Some changed into orange jail inmate jumpsuits and sandals so they could get out of wet clothes. Hours later, the inmates, who remained in the basement, were transferred to other jails.
Helping along the way
Patsy Schmidt, the nurse who lived eight miles south of Greensburg, knew people in town would need help.
She also felt desperate to reach 522 S. Pine, where her niece and the children were. But because of trees and wires in the roads, it took her an hour to reach the outskirts of Greensburg.
Walking south on Main, still wearing her nurse uniform, she heard someone say, "We need some help over here."

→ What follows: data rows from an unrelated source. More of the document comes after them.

(* Let $n\geq 2$ and let $(x_i,y_i)_{i=1}^n$ be labeled examples with $x_i\in\mathbb{R}^d$, $y_i\in\{-1,+1\}$, $\max_i\|x_i\|\leq 1$. Let $Q\in\mathbb{R}^{n\times n}$ with $Q_{ij} = y_iy_j\langle x_i,x_j\rangle$, let $\sigma^2 \geq \frac{1}{n}\|Q\|$ (spectral norm), $\lambda>0$, $b\in\{1,\dots,n\}$ and $\beta_b := 1+\frac{(b-1)(n\sigma^2-1)}{n-1}$. For $\alpha,\delta\in\mathbb{R}^n$ define $$D(\alpha) := -\frac{1}{2\lambda n^2}\alpha^\top Q\alpha + \frac{1}{n}\sum_{i=1}^n\alpha_i,$$ $$H(\delta,\alpha) := -\frac{\alpha^\top Q\alpha + 2\alpha^\top Q\delta + \beta_b\|\delta\|^2}{2\lambda n^2} + \sum_{i=1}^n\frac{\alpha_i+\delta_i}{n}.$$ Then for any $\alpha,\delta\in\mathbb{R}^n$, if $A$ is drawn uniformly at random among subsets of $\{1,\dots,n\}$ of cardinality $b$, $$\mathbb{E}_A\big[D(\alpha+\delta_{[A]})\big] \geq \Big(1-\frac{b}{n}\Big)D(\alpha) + \frac{b}{n}H(\delta,\alpha),$$ where $\delta_{[A]}\in\mathbb{R}^n$ agrees with $\delta$ on coordinates in $A$ and is zero elsewhere.
   Context: $D$ is the (unconstrained expression of the) SVM dual objective; $\|Q\|$ is the spectral norm of $Q$. *)

From HB Require Import structures.
From mathcomp Require Import all_boot all_order all_algebra.
From mathcomp Require Import classical_sets reals.
Set Implicit Arguments. Unset Strict Implicit. Unset Printing Implicit Defensive.
Import Order.TTheory GRing.Theory Num.Theory.
Local Open Scope ring_scope.
Local Open Scope classical_set_scope.

Section SVM.
Variable R : realType.

Definition dotr (d : nat) (u v : 'rV[R]_d) : R := \sum_(k < d) u 0 k * v 0 k.
Definition normr2 (d : nat) (u : 'rV[R]_d) : R := Num.sqrt (dotr u u).

Definition vnorm (n : nat) (v : 'cV[R]_n) : R := Num.sqrt (\sum_(i < n) v i 0 ^+ 2).

Definition spec_norm (n : nat) (M : 'M[R]_n) : R :=
  sup [set vnorm (M *m v) | v in [set v : 'cV[R]_n | vnorm v <= 1]].

Definition Qmat (n d : nat) (x : 'I_n -> 'rV[R]_d) (y : 'I_n -> R) : 'M[R]_n :=
  \matrix_(i, j) (y i * y j * dotr (x i) (x j)).

Definition qform (n : nat) (M : 'M[R]_n) (u v : 'cV[R]_n) : R := (u^T *m M *m v) 0 0.

Definition Dobj (n : nat) (Q : 'M[R]_n) (lam : R) (a : 'cV[R]_n) : R :=
  - (qform Q a a) / (2 * lam * n%:R ^+ 2) + (\sum_(i < n) a i 0) / n%:R.

Definition beta_b (n b : nat) (sigma : R) : R :=
  1 + (b.-1)%:R * (n%:R * sigma ^+ 2 - 1) / (n.-1)%:R.

Definition Hobj (n : nat) (Q : 'M[R]_n) (lam beta : R) (del a : 'cV[R]_n) : R :=
  - (qform Q a a + 2 * qform Q a del + beta * vnorm del ^+ 2) / (2 * lam * n%:R ^+ 2)
  + \sum_(i < n) (a i 0 + del i 0) / n%:R.

Definition restrict (n : nat) (del : 'cV[R]_n) (A : {set 'I_n}) : 'cV[R]_n :=
  \col_i (if i \in A then del i 0 else 0).

Definition E_subsets (n b : nat) (f : {set 'I_n} -> R) : R :=
  (\sum_(A : {set 'I_n} | #|A| == b) f A) / 'C(n, b)%:R.

End SVM.

(* A coordinate i lies in the uniformly random b-subset A with probability b/n, and a pair
   i <> j with probability b(b-1)/(n(n-1)).  So the linear part of D(alpha + delta_[A]) averages
   to b/n times that of delta, while the quadratic term delta_[A]^T Q delta_[A] averages to
   b/n ((b-1) delta^T Q delta + (n-b) sum_i Q_ii delta_i^2) / (n-1).  Bounding delta^T Q delta by
   ||Q|| |delta|^2 <= n sigma^2 |delta|^2 and Q_ii = |x_i|^2 by 1 turns this into
   b/n beta_b |delta|^2, which is exactly the quadratic part of H. *)

From HB Require Import structures.
(* Loaded first so that finset's lemmas shadow their classical_sets homonyms. *)
From mathcomp Require Import classical_sets reals.
From mathcomp Require Import all_boot all_order all_algebra.
From mathcomp Require Import ring lra zify.
Set Implicit Arguments. Unset Strict Implicit. Unset Printing Implicit Defensive.
Import Order.TTheory GRing.Theory Num.Theory.

Section KSupsets.
Variable T : finType.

The voice led her to a woman being transported in a pickup. The woman was suffering from fractures and heavy bleeding and was drifting in and out of consciousness.
Patsy took off her pink jacket and bound the clean portion around a wound, to apply pressure. As she checked the woman's other injuries, she told a man to keep pressure on the wound.
The injured woman was Bev Volz, a woman Patsy had seen many times over the years. But in those intense moments, Patsy didn't recognize her.
Soon, paramedics took over treating Bev, and Patsy continued on her way. She never got to 522 Pine that night. On the way, someone told her that Kim had been rescued and that the babies were OK.
Later that night, Patsy's husband, Joel Schmidt, called with a question: "Have you seen Mom?" He and his brother were looking for her.
No one had seen Mabel Schmidt. The 82-year-old's house was gone.
Safe in church
What her relatives didn't know was that Mabel and her brother and sister had gone to the Mennonite Church basement and remained there. They were OK, but rubble in a stairwell blocked their exit.
At the church, now only a slab above ground, soaked ceiling tiles began to drop in the basement.
It was a long wait for daylight.
Vernon, who had lost a leg years before and relied on crutches, used his well-conditioned shoulders and arms to remove debris from the stairwell.
"Oh, don't move too much," Mabel cautioned.
The two cleared the way to the first landing, but the rest of the stairwell remained blocked. Still, they could see light and hear noises outside, possibly utility trucks.
"Hey!" they yelled, over and over.
Around 10 that morning, Ford County firefighter Justin Swank, 23, learned that someone might be trapped in the area around the church. Swank, who volunteers as a search dog handler, went there with his German shepherd, Blaze. The Greensburg disaster was the first time that the 16-month-old dog was being pressed into service.
He is trained to lead Swank to human scent.
Blaze went to a debris pile and, while glancing back at Swank, began to whine.
Near an opening in the debris, near what turned out to be the blocked staircase, Blaze started to descend. As workers cleared some rubble, they quickly found Mabel Schmidt and her brother and sister.
They had been trapped for about 12 hours.
Finding the missing
By 3 a.m., residents and fire and rescue crews had searched the town twice. Crews used spray paint to mark each smashed building they checked. They used so much, more cans had to be brought in from other towns.
But the debris piles were so massive. They couldn't check every pocket under the layers.
As the hours wore on, the searches became more and more methodical. Crews went house to house, street by street, quadrant by quadrant.
It's not clear why it took so long to find Mabel and her siblings in the church basement. Crews had checked the area. But only a slab remained there, and with debris over the stairwell, someone missed it.
It's important in any disaster to build a list of residents to determine who might be missing, authorities say. That night, law enforcement officers and Red Cross workers compiled lists of evacuees as they left town in private vehicles or the school buses bound for shelters.
But some residents fled before the tornado, and others left before checkpoints went up, making the accounting difficult.